There’s a lie we tell ourselves, especially in endurance sports, and it’s subtle enough that most people never question it. The lie is that progress is supposed to feel good. That if you’re doing things “right,” you’ll wake up motivated, energized, and ready to perform at a high level every time you lace up your shoes. The lie is that consistency should feel consistent.
It doesn’t.
Your best looks different every day. And the moment you accept that, everything changes.
This year, I’m running twelve ultramarathons in twelve months. Distances ranging from fifty miles to two hundred. Some races will be defined by time limits, some by terrain, some by sleep deprivation, and some by nothing more than stubbornness. On paper, it sounds clean. Ambitious. Almost heroic. In reality, it’s messy, uncomfortable, and largely built on days where nothing feels right.
I’ve been training at volumes most people would consider unreasonable. Ninety-five to one hundred miles a week. Back-to-back weeks like that. Layering speed work on top of it, not because it’s comfortable, but because it’s necessary. There are days where I finish a run and think, I feel good. And then there are days where everything feels heavy before the first mile is done. That’s not a problem. That’s the deal.
We’ve been conditioned to believe that a bad workout is a failure. That if we don’t hit our splits, or our heart rate is off, or our legs don’t feel springy, then something went wrong. Social media has made it worse. Every scroll reinforces the idea that everyone else is crushing it all the time. Fast workouts. Perfect pacing. Smiling faces at the end of hard sessions.
What you don’t see are the days where effort feels disproportionate to output. Where seventy percent effort is all that’s available, and even that feels expensive.
Here’s the truth most people don’t want to hear: those days matter more than the good ones.
In ultrarunning, you don’t get to choose how you feel on race day.

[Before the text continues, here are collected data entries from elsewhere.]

Lemma sf_inv (a : K) : a <> s0 K -> exists ai, smul K ai a = s1 K.
Proof.
destruct k; simpl in *.
- destruct a as [x y]. intro H. assert (x * x + y * y <> 0).
  { intro E. apply H. assert (x = 0) by nra. assert (y = 0) by nra. subst; auto. }
  exists (x / (x * x + y * y), - y / (x * x + y * y)). simpl. f_equal; field; auto.
- intro H. exists (/ a). field. auto.
Qed.

Lemma sf_abs_0 : sabs K (s0 K) = 0.
Proof.
destruct k; simpl; [|apply Rabs_R0].
match goal with |- sqrt ?a = 0 => replace a with 0 by ring end. apply sqrt_0.
Qed.

Lemma sf_abs_nonneg (a : K) : 0 <= sabs K a.
Proof. destruct k; simpl; [apply sqrt_pos | apply Rabs_pos]. Qed.

Lemma sf_abs_mul (a b : K) : sabs K (smul K a b) = sabs K a * sabs K b.
Proof.
destruct k; simpl in *; [|apply Rabs_mult].
destruct a as [x y], b as [u w]. simpl. rewrite <- sqrt_mult by nra. f_equal. ring.
Qed.

Lemma sf_abs_of_real r : sabs K (of_real k r) = Rabs r.
Proof.
destruct k; simpl; [|auto].
match goal with |- sqrt ?a = _ => replace a with (Rsqr r) by (unfold Rsqr; ring) end.
apply sqrt_Rsqr_abs.
Qed.

Lemma sf_abs_opp_1 : sabs K (sopp K (s1 K)) = 1.
Proof.
destruct k; simpl; [|rewrite Rabs_Ropp; apply Rabs_R1].
match goal with |- sqrt ?a = 1 => replace a with 1 by ring end. apply sqrt_1.
Qed.

Lemma sf_of_real_1 : of_real k 1 = s1 K.
Proof. destruct k; reflexivity. Qed.
End ScalarField.

Section BanachAlgebra.
Context {k : bool} (X : Banach (scalar_field k)).
Notation K := (scalar_field k).

Lemma vadd_0l (x : X) : vadd (v0 X) x = x.
Proof. rewrite vadd_comm; apply vadd_0. Qed.

Lemma vadd_idem (u : X) : vadd u u = u -> u = v0 X.
Proof.
intro H. assert (E : vadd (vadd u u) (vopp u) = u) by (rewrite <- vadd_assoc, vadd_opp, vadd_0; auto).
rewrite H, vadd_opp in E. auto.
Qed.

Lemma vscal_0 (x : X) : vscal (s0 K) x = v0 X.
Proof. apply vadd_idem. rewrite <- vscal_distr_s, sf_add_00; auto. Qed.

Lemma vscal_v0 a : vscal a (v0 X) = v0 X.
Proof. apply vadd_idem. rewrite <- vscal_distr_v, vadd_0; auto. Qed.

Lemma vopp_unique (x w : X) : vadd x w = v0 X -> w = vopp x.
Proof.
intro H. rewrite <- (vadd_0 _ w), <- (vadd_opp _ x), vadd_assoc, (vadd_comm _ w x), H, vadd_0l. auto.
Qed.

Lemma vopp_scal (x : X) : vopp x = vscal (sopp K (s1 K)) x.
Proof.
symmetry. apply vopp_unique. rewrite <- (vscal_1 _ x) at 1.
rewrite <- vscal_distr_s, sf_add_opp_1. apply vscal_0.
Qed.

Lemma vopp_opp (x : X) : vopp (vopp x) = x.
Proof. symmetry. apply vopp_unique. rewrite vadd_comm. apply vadd_opp. Qed.

Lemma vopp_add (x y : X) : vopp (vadd x y) = vadd (vopp x) (vopp y).
Proof.
symmetry. apply vopp_unique.
rewrite (vadd_assoc X (vadd x y) (vopp x) (vopp y)), <- (vadd_assoc X x y (vopp x)),
  (vadd_comm X y (vopp x)), (vadd_assoc X x (vopp x) y), vadd_opp, vadd_0l.
apply vadd_opp.
Qed.

Lemma vscal_opp c (x : X) : vscal c (vopp x) = vopp (vscal c x).
Proof. rewrite !vopp_scal, !vscal_assoc. f_equal. apply sf_mul_comm. Qed.

Lemma vnorm_0 : vnorm (v0 X) = 0.
Proof. rewrite <- (vscal_0 (v0 X)), vnorm_scal, sf_abs_0. ring. Qed.

Lemma vnorm_opp (x : X) : vnorm (vopp x) = vnorm x.
Proof. rewrite vopp_scal, vnorm_scal, sf_abs_opp_1. ring. Qed.

Lemma vnorm_sub_eq0 (a b : X) : vnorm (vsub a b) = 0 -> a = b.
Proof.
intro H. apply vnorm_eq0 in H. unfold vsub in H.
rewrite <- (vopp_opp a), <- (vopp_opp b). f_equal. symmetry. apply vopp_unique. auto.
Qed.

(** How far x1 is from c x0, given y1 = c y0 near x1 and y0 near x0. *)
Lemma vnorm_defect_le c (x0 x1 y0 : X) :
  vnorm (vsub x1 (vscal c x0)) <= vnorm (vsub (vscal c y0) x1) + sabs K c * vnorm (vsub y0 x0).
Proof.
assert (E : vsub x1 (vscal c x0) = vadd (vopp (vsub (vscal c y0) x1)) (vscal c (vsub y0 x0))).
{ unfold vsub. rewrite vopp_add, vopp_opp, vscal_distr_v, vscal_opp.
  rewrite (vadd_comm _ (vopp (vscal c y0)) x1), <- vadd_assoc,
    (vadd_assoc _ (vopp (vscal c y0)) (vscal c y0)), (vadd_comm _ (vopp _) (vscal c y0)),
    vadd_opp, vadd_0l. auto. }
rewrite E, <- vnorm_scal, <- (vnorm_opp (vsub (vscal c y0) x1)). apply vnorm_triangle.
Qed.

Lemma bounded_linear_continuous (phi : X -> K) (C : R) :
  linear_fun phi -> (forall x, sabs K (phi x) <= C * vnorm x) -> continuous_fun phi.
Proof.
intros [phi_add phi_scal] Hb x eps Heps.
assert (HC : 0 < Rabs C + 1) by (assert (0 <= Rabs C) by apply Rabs_pos; lra).
exists (eps / (Rabs C + 1)). split; [apply Rdiv_lt_0_compat; lra|]. intros y Hy.
assert (E : sadd K (phi y) (sopp K (phi x)) = phi (vsub y x)).
{ unfold vsub. rewrite phi_add, vopp_scal, phi_scal, <- sf_opp_mul. auto. }
rewrite E. apply Rle_lt_trans with ((Rabs C + 1) * vnorm (vsub y x)).
- apply Rle_trans with (C * vnorm (vsub y x)); [apply Hb|].
  apply Rmult_le_compat_r; [apply vnorm_nonneg|]. assert (C <= Rabs C) by apply Rle_abs. lra.
- apply Rmult_lt_reg_r with (/ (Rabs C + 1)); [apply Rinv_0_lt_compat; lra|].
  replace ((Rabs C + 1) * vnorm (vsub y x) * / (Rabs C + 1)) with (vnorm (vsub y x)) by (field; lra).
  exact Hy.
Qed.
End BanachAlgebra.

(** * Continuous functionals separate the points of a Banach space *)

Lemma real_separating_functional (X : Banach (scalar_field false)) (v : X) :
  v <> v0 X -> exists phi : X -> scalar_field false,
    linear_fun phi /\ continuous_fun phi /\ 0 < sabs _ (phi v).
Proof.
intro nv.
destruct (@hahn_banach_norming X (v0 X) (@vadd _ X) (@vopp _ X) (@vscal _ X) (@vnorm _ X)
  (vadd_assoc X) (vadd_comm X) (vadd_0 X) (vadd_opp X) (vscal_1 X) (vscal_assoc X)
  (vscal_distr_v X) (vscal_distr_s X) (vnorm_scal X) (vnorm_triangle X) (vnorm_nonneg X) v)
  as [f [f_add [f_scal [f_bound f_v]]]].
assert (lin : linear_fun (f : X -> scalar_field false)) by (split; [exact f_add | exact f_scal]).
exists f. split; [exact lin|split].
- apply (bounded_linear_continuous X f 1 lin). intro x. simpl. rewrite Rmult_1_l. apply f_bound.
- simpl. rewrite f_v. destruct (vnorm_nonneg _ v) as [H|H]; [rewrite Rabs_right; lra|].
  exfalso. apply nv, vnorm_eq0. auto.
Qed.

You don’t get to negotiate with fatigue at mile eighty. There is no alternate course for days when your body doesn’t cooperate. Some races feel smooth. Most don’t. Some miles feel controlled. Many feel like survival. The athletes who succeed are not the ones who demand perfection. They’re the ones who’ve practiced showing up when perfection isn’t an option.
That’s why your best has to be flexible.
A ten-out-of-ten day doesn’t mean the same thing every time. Some days, your best is flying. Other days, your best is simply continuing. And sometimes, your best is lacing up when every internal voice is telling you to skip it.
I’m tired of hearing people complain about “bad workouts.” About how they only had seventy percent instead of one hundred. As if effort owes them a certain feeling. As if discomfort is a mistake instead of the point.
If you’re training for something real, something that actually tests you, most days won’t feel good. And that’s not a warning. That’s a prerequisite.
The winners, the ones who last, are rarely the loudest. They don’t broadcast every struggle. They don’t narrate every bad session. They show up, do the work, and move on. They understand that effort isn’t a performance, it’s a habit. On the worst days, they give what they have, even if what they have is ten percent. Especially then.
Because some races feel exactly like that.
You wake up flat. Nutrition is off. Sleep didn’t happen. Weather turns. Legs don’t respond. And suddenly the day you trained for months to execute becomes an exercise in managing disappointment. That’s not failure. That’s sport. That’s life.
We like to pretend life is linear. That if you work hard enough, outcomes smooth themselves out. But anyone who’s chased something difficult knows better. Progress comes in waves. Motivation fades. Confidence dips. Bodies ache. Plans unravel.
And yet, here you are.
Two weeks from now, I’ll line up for the first ultra of the year. A six-hour race where the only goal is to cover as much ground as possible in the time allotted. It’s not about pace. It’s not about glory. It’s about time on feet. About learning how to keep moving when comfort is unavailable. February brings a fifty-miler. And after that, it doesn’t get easier. It gets longer.
Twelve ultras won’t run themselves. The training doesn’t do itself. And I won’t feel good one hundred percent of the time. In fact, I’ll probably feel bad more often than I feel good. That’s not pessimism. That’s realism. And realism is freeing.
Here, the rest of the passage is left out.